In [1]:
from mxnet import nd as np
from mxnet import autograd
from keras.datasets import mnist

(x_train, y_train), (x_test, y_test) = mnist.load_data()

print(x_train.shape)
print(y_train.shape)
print(x_test.shape)
print(y_test.shape)

  from ._conv import register_converters as _register_converters
Using TensorFlow backend.


(60000, 28, 28)
(60000,)
(10000, 28, 28)
(10000,)


In [2]:
from PIL import Image
i = Image.fromarray(x_train[0])
i.show()

print(y_train[0])

5


In [3]:
def relu(x):
    return np.maximum(x, np.zeros_like(x))

print(relu(np.array([9, 4, 3, -1, -4])))


[9. 4. 3. 0. 0.]
<NDArray 5 @cpu(0)>


In [4]:
def softmax(x):
    x = x-np.max(x)
    return np.exp(x) / np.sum(np.exp(x))

print(softmax(np.array([0.3, 1.9, 0.3, 0.4])))

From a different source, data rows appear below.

(* Let $g\colon X\to\mathcal Q^{\vartriangle}$ be closed and convex. Then $g^{**}=g$, where for $x\in X$ $$g^{**}(x)=\bigcap_{\xi\in X^{\vartriangle},\,r\in\mathbb R,\,z^*\in C^-}\big(S_{(\xi,r,z^* )}(x)-^{\vartriangle}g^*(\xi,r,z^* )\big)$$ and $g^*\colon X^{\vartriangle}\times\mathbb R\times C^-\to\mathcal Q^{\vartriangle}$ is $g^*(\xi,r,z^* )=\bigcap_{x\in X}\big(S_{(\xi,r,z^* )}(x)-^{\vartriangle}g(x)\big)$.
   Context: $X,Z$ are separated locally convex spaces with duals $X^*,Z^*$; $C\subseteq Z$ convex cone with $0\in C$, $C^-=\{z^*\in Z^*: z^*(z)\leq0\ \forall z\in C\}$, assumed $\neq\{0\}$. $\mathcal Q^{\vartriangle}=\{A\subseteq Z: A=\operatorname{cl}\operatorname{co}(A+C)\}$ (contains $\emptyset$). $g$ is convex (closed) iff $\operatorname{gr}g=\{(x,z): z\in g(x)\}$ is convex (closed) in $X\times Z$. For $A,B\subseteq Z$: $A-^{\vartriangle}B=\{z\in Z: B+\{z\}\subseteq A\}$. For $x^*\in X^*$, $r\in\mathbb R$: $x^*_r(x)=x^*(x)-r$, $\hat x^*_r(x)=-\infty$ if $x^*(x)\leq r$, $+\infty$ otherwise; $\hat x^*=\hat x^*_0$; $X^{\vartriangle}=X^*\cup\{\hat x^*: x^*\in X^*\}$; $\xi_r=x^*_r$ if $\xi=x^*$, $\xi_r=\hat x^*_r$ if $\xi=\hat x^*$. Conaffine functions: $S_{(\xi,r,z^* )}(x)=\{z\in Z: \xi_r(x)\leq -z^*(z)\}$ for $\xi\in X^{\vartriangle}$, $r\in\mathbb R$, $z^*\in C^-$ (order of $\overline{\mathbb R}=\mathbb R\cup\{\pm\infty\}$). *)

From Stdlib Require Import Reals.
Open Scope R_scope.
(* Let $B_J=L+U\in\mathbb R^{n\times n}$ with $L$ strictly lower triangular, $U$ strictly upper triangular, $L\ne O$ and $U^{(j)}_c\ne O$ for all $j=2,\dots,n$. Then the iteration matrix $T(\mathcal B_{FUTC})$ of the splitting $\mathcal B_{FUTC}=(U^{(n)}_c,U^{(n-1)}_c,\dots,U^{(2)}_c,L)$ and the backward Gauss–Seidel iteration matrix $B_{bGS}=(I-U)^{-1}L$ have the same nonzero eigenvalues.
   Context: For $j\in\{2,\dots,n\}$, $U^{(j)}_c$ is the $n\times n$ matrix whose $j$-th column agrees with the $j$-th column of $U$ in rows $i\le j-1$ and which is zero elsewhere (the $j$-th column of $U$). For $B\in\mathbb R^{n\times n}$, a splitting of $B$ of order $d\ge1$ is an ordered $d$-tuple $\mathcal B=(B_1,\dots,B_d)$ of real $n\times n$ matrices with $B_p\neq O$ for all $p$, $\sum_{p=1}^d B_p=B$, and $B_p\circ B_q=O$ (Hadamard product) for $p\ne q$. The iteration matrix of $\mathcal B$ is the $dn\times dn$ matrix $T(\mathcal B)=(I_{dn}-\mathcal L)^{-1}\mathcal U$, where $\mathcal L,\mathcal U$ are $d\times d$ block matrices with $n\times n$ blocks, $\mathcal L_{ij}=B_j$ if $i>j$ and $O$ otherwise, $\mathcal U_{ij}=B_j$ if $i\le j$ and $O$ otherwise. *)

From HB Require Import structures.
From mathcomp Require Import all_boot all_order all_algebra.
From mathcomp Require Import reals.
From mathcomp Require Import complex.

Set Implicit Arguments.
Unset Strict Implicit.
Unset Printing Implicit Defensive.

[0.12409715 0.61465716 0.12409715 0.13714856]
<NDArray 4 @cpu(0)>


In [5]:
def crossentropy(y, yhat):
    return -np.nansum(y*np.log(yhat), axis=1)

print(crossentropy(np.array([[0]]), np.array([[0]])))


[-0.]
<NDArray 1 @cpu(0)>


In [6]:
def sgd(params, lr):
    for param in params:
        param[:] -= lr*param.grad

In [7]:
input_size = 784
output_size = 10
h1_size = 300
h2_size = 100
scale = 0.01

W1 = np.normal(shape=(input_size, h1_size), scale=scale)
W2 = np.normal(shape=(h1_size, h2_size), scale=scale)
W3 = np.normal(shape=(h2_size, output_size), scale=scale)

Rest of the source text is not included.